Leena Kankaanranta, Tiina Seppälä, Hanna Koivunoro, Kauko Saarilahti, Timo Atula, Juhani Collan, Eero Salli, Mika Kortesniemi, Jouni Uusi-Simola, Petteri Välimäki, Antti Mäkitie, Marko Seppänen, Heikki Minn, Hannu Revitzer, Mauri Kouri, Petri Kotiluoto, Tom Seren, Iiro Auterinen, Sauli Savolainen, Heikki Joensuu (Corresponding Author)

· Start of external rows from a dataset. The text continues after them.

(* For every finite graph $G$: $G$ is a blue-red interval graph if and only if $G$ is a linear leaf power.
   Context: A leaf root of a graph $G$ is a pair $(T,\mathsf{w})$ where $T$ is a tree and $\mathsf{w}:E(T)\to[0,1]$ is a rational-valued edge-weight function, such that the vertices of $G$ are exactly the leaves of $T$ and for all distinct $u,v\in V(G)$, $uv\in E(G)$ iff $d_T(u,v)\le 1$, where $d_T(x,y)$ is the sum of the weights of the edges on the unique path of $T$ between $x$ and $y$. A caterpillar is a tree having a path that contains all nodes of degree at least $2$. A graph is a linear leaf power if it admits a leaf root $(T,\mathsf{w})$ with $T$ a caterpillar. A graph $G$ is a blue-red interval graph if there exist a bipartition $(B,R)$ of $V(G)$ and closed intervals $I_v\subseteq\mathbb{Q}$, $v\in V(G)$, such that $E(G)=\{b_1b_2 : b_1,b_2\in B,\ b_1\neq b_2,\ I_{b_1}\cap I_{b_2}\neq\emptyset\}\cup\{rb : r\in R,\ b\in B,\ I_r\subseteq I_b\}$ (in particular $R$ is an independent set). *)

From HB Require Import structures.
From mathcomp Require Import all_boot all_order all_algebra.
Set Implicit Arguments. Unset Strict Implicit. Unset Printing Implicit Defensive.
Import Order.TTheory GRing.Theory Num.Theory.
Local Open Scope ring_scope.

Definition simple_graph (V : finType) (e : rel V) : Prop :=
  symmetric e /\ irreflexive e.

Definition in_itv (V : Type) (lo hi : V -> rat) (v : V) (x : rat) : Prop :=
  lo v <= x <= hi v.

Definition blue_red_interval (V : finType) (e : rel V) : Prop :=
  exists (B : {set V}) (lo hi : V -> rat),
    (forall v, lo v <= hi v) /\
    forall u v : V,
      e u v <->
      ( (u \in B /\ v \in B /\ u != v /\
           exists x, in_itv lo hi u x /\ in_itv lo hi v x)
      \/ (u \notin B /\ v \in B /\
           forall x, in_itv lo hi u x -> in_itv lo hi v x)
      \/ (u \in B /\ v \notin B /\
           forall x, in_itv lo hi v x -> in_itv lo hi u x) ).

Definition simple_path (N : finType) (t : rel N) (x : N) (p : seq N) (y : N) : bool :=
  path t x p && uniq (x :: p) && (last x p == y).

(* a tree: symmetric irreflexive relation with a unique simple path between
   any two nodes (the empty node type is allowed) *)
Definition is_tree (N : finType) (t : rel N) : Prop :=
  symmetric t /\ irreflexive t /\
  forall x y : N, exists! p : seq N, simple_path t x p y.

Definition degree (N : finType) (t : rel N) (x : N) : nat := #|[set y | t x y]|.

Definition is_leaf (N : finType) (t : rel N) (x : N) : bool := (degree t x <= 1)%N.

Definition is_caterpillar (N : finType) (t : rel N) : Prop :=
  is_tree t /\
  exists s : seq N,
    match s with [::] => true | x :: s' => path t x s' && uniq s end /\
    forall x, (2 <= degree t x)%N -> x \in s.

Fixpoint path_weight (N : Type) (w : N -> N -> rat) (x : N) (p : seq N) : rat :=
  match p with
  | [::] => 0
  | y :: p' => w x y + path_weight w y p'
  end.

Definition tree_dist (N : finType) (t : rel N) (w : N -> N -> rat) (u v : N) (r : rat) : Prop :=
  exists p, simple_path t u p v /\ path_weight w u p = r.

Definition leaf_root (V : finType) (e : rel V) (N : finType) (t : rel N)
    (w : N -> N -> rat) (f : V -> N) : Prop :=
  is_tree t /\
  (forall x y, t x y -> 0 <= w x y <= 1 /\ w x y = w y x) /\
  injective f /\
  (forall x : N, is_leaf t x <-> exists v, f v = x) /\
  (forall u v : V, u != v ->
     (e u v <-> exists r, tree_dist t w (f u) (f v) r /\ r <= 1)).

Definition linear_leaf_power (V : finType) (e : rel V) : Prop :=
  exists (N : finType) (t : rel N) (w : N -> N -> rat) (f : V -> N),
    is_caterpillar t /\ leaf_root e t w f.

(* Both classes consist of the graphs admitting weights A v in [0, 1] and
   positions Y v such that, for u <> v, uv is an edge iff
   A u + A v + |Y u - Y v| <= 1 ([caterpillar_model]).  In a caterpillar leaf
   root every leaf hangs on the spine by a pendant edge (of weight 0 if it lies
   on the spine), so the distance between two leaves is the sum of their
   pendant weights plus the distance of their attachment points along the
   spine; conversely, sorting the vertices by Y and hanging each v on its own
   spine node by an edge of weight A v builds such a caterpillar.  On the
   interval side v is blue iff A v <= 1/2, and its interval is centred at Y v
   with radius |A v - 1/2|; conversely, rescaled centres and radii of the
   intervals give Y and A, once blue and red radii are pushed apart by a
   fraction of the least positive gap between blue intervals, which keeps red
   vertices pairwise non-adjacent. *)

From HB Require Import structures.
From mathcomp Require Import all_boot all_order all_algebra.
From mathcomp Require Import ring lra zify.
Set Implicit Arguments. Unset Strict Implicit. Unset Printing Implicit Defensive.
Import Order.TTheory GRing.Theory Num.Theory.

(** * Trees given by parent functions *)

Definition parent_rel (N : eqType) (par : N -> N) : rel N :=
  fun x y => (x != y) && ((par x == y) || (par y == x)).

Definition ancestor (N : Type) (par : N -> N) (a z : N) : Prop :=
  exists k, iter k par z = a.

Lemma parent_rel_sym (N : eqType) (par : N -> N) : symmetric (parent_rel par).
Proof. by move=> x y; rewrite /parent_rel eq_sym orbC. Qed.

Lemma parent_rel_irr (N : eqType) (par : N -> N) : irreflexive (parent_rel par).
Proof. by move=> x; rewrite /parent_rel eqxx. Qed.

Section ParentForest.

Variables (N : eqType) (par : N -> N) (h : N -> nat).
Hypothesis par_rank : forall z, par z = z \/ (h (par z) < h z)%N.

Lemma rank_iter_le k z : (h (iter k par z) <= h z)%N.
Proof.
elim: k => [|k IH] //=; case: (par_rank (iter k par z)) => [-> // | lt].
exact: leq_trans (ltnW lt) IH.
Qed.

Lemma iter_par_neq k z : par z <> z -> iter k.+1 par z <> z.
Proof.
move=> nz E; have := rank_iter_le k (par z); rewrite -iterSr E.
case: (par_rank z) => [/nz // | ]; lia.
Qed.

Lemma ancestor_par a z : z <> a -> ancestor par a z <-> ancestor par a (par z).
Proof.
move=> za; split; last by move=> [k E]; exists k.+1; rewrite iterSr.
by move=> [[|k] E]; [case: za | exists k; rewrite -iterSr].
Qed.

Lemma ancestor_edge a u u' : parent_rel par u u' -> u <> par a -> u' <> par a ->
  ancestor par a u <-> ancestor par a u'.
Proof.
move=> /andP [_ /orP [/eqP <- | /eqP <-]] hu hu'.
  by apply: ancestor_par => ua; apply: hu'; rewrite ua.
by symmetry; apply: ancestor_par => ua; apply: hu; rewrite ua.
Qed.
Lemma adjoin_incl z : D z -> adjoin D y z.
Proof. exists z, 0. split; auto. vring. Qed.

Lemma adjoin_new : adjoin D y y.
Proof. exists (vzero X), 1. split; [apply D_subspace|vring]. Qed.

Hypothesis y_new : ~ D y.

Lemma adjoin_unique z z' t t' : D z -> D z' -> z +v t *v y = z' +v t' *v y -> t = t' /\ z = z'.
Proof.
  intros Hz Hz' H. destruct D_subspace as [_ [Dadd Dscale]].
  assert (E : z' = z +v t *v y +v (-t') *v y).
  { transitivity (z' +v t' *v y +v (-t') *v y); [vring|]. rewrite <- H; reflexivity. }
  destruct (Req_dec t t') as [<-|ne].
  - split; auto. rewrite E. vring.
  - exfalso. apply y_new.
    replace y with ((1 / (t - t')) *v (z' +v (-1) *v z)) by (rewrite E; vring; field; lra).
    apply Dscale, Dadd, Dscale; auto.
Qed.

Lemma adjoin_extension (h : X -> R) (c : R) : linear_on D h ->
  exists h', linear_on (adjoin D y) h' /\ forall z t, D z -> h' (z +v t *v y) = h z + t * c.
Proof.
  intros [Hadd Hscale]. destruct D_subspace as [_ [Dadd Dscale]].
  set (h' := fun w => epsilon (inhabits 0)
                        (fun v => exists z t, D z /\ w = z +v t *v y /\ v = h z + t * c)).
  assert (Hh' : forall z t, D z -> h' (z +v t *v y) = h z + t * c).
  { intros z t Hz. unfold h'.
    destruct (epsilon_spec (inhabits 0)
                (fun v => exists z' t', D z' /\ z +v t *v y = z' +v t' *v y /\ v = h z' + t' * c))
      as [z' [t' [Hz' [E ->]]]]; [exists (h z + t * c), z, t; auto|].
    destruct (adjoin_unique z z' t t' Hz Hz' E) as [-> ->]. reflexivity. }
  exists h'. split; [split|exact Hh'].
  - intros w1 w2 [z1 [t1 [Hz1 ->]]] [z2 [t2 [Hz2 ->]]].
    replace (z1 +v t1 *v y +v (z2 +v t2 *v y)) with ((z1 +v z2) +v (t1 + t2) *v y) by vring.
    rewrite !Hh', Hadd; auto. ring.
  - intros a w [z [t [Hz ->]]].
    replace (a *v (z +v t *v y)) with ((a *v z) +v (a * t) *v y) by vring.
    rewrite !Hh', Hscale; auto. ring.
Qed.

    Research output: Contribution to journalArticleScientificpeer-review

    198 Citations (Scopus)


    Purpose: To investigate the efficacy and safety of boron neutron capture therapy (BNCT) in the treatment of inoperable head-and-neck cancers that recur locally after conventional photon radiation therapy. Methods and Materials: In this prospective, single-center Phase I/II study, 30 patients with inoperable, locally recurred head-and-neck cancer (29 carcinomas and 1 sarcoma) were treated with BNCT. Prior treatments consisted of surgery and conventionally fractionated photon irradiation to a cumulative dose of 50 to 98 Gy administered with or without concomitant chemotherapy. Tumor responses were assessed by use of the RECIST (Response Evaluation Criteria in Solid Tumors) and adverse effects by use of the National Cancer Institute common terminology criteria version 3.0. Intravenously administered L-boronophenylalanine-fructose (400 mg/kg) was administered as the boron carrier. Each patient was scheduled to be treated twice with BNCT. Results: Twenty-six patients received BNCT twice; four were treated once. Of the 29 evaluable patients, 22 (76%) responded to BNCT, 6 (21%) had tumor growth stabilization for 5.1 and 20.3 months, and 1 (3%) progressed. The median progression-free survival time was 7.5 months (95% confidence interval, 5.4-9.6 months). Two-year progression-free survival and overall survival were 20% and 30%, respectively, and 27% of the patients survived for 2 years without locoregional recurrence. The most common acute Grade 3 adverse effects were mucositis (54% of patients), oral pain (54%), and fatigue (32%). Three patients were diagnosed with osteoradionecrosis (each Grade 3) and one patient with soft-tissue necrosis (Grade 4). Late Grade 3 xerostomia was present in 3 of the 15 evaluable patients (20%). Conclusions: Most patients who have inoperable, locally advanced head-and-neck carcinoma that has recurred at a previously irradiated site respond to boronophenylalanine-mediated BNCT, but cancer recurrence after BNCT remains frequent. Toxicity was acceptable. Further research on novel modifications of the method is warranted.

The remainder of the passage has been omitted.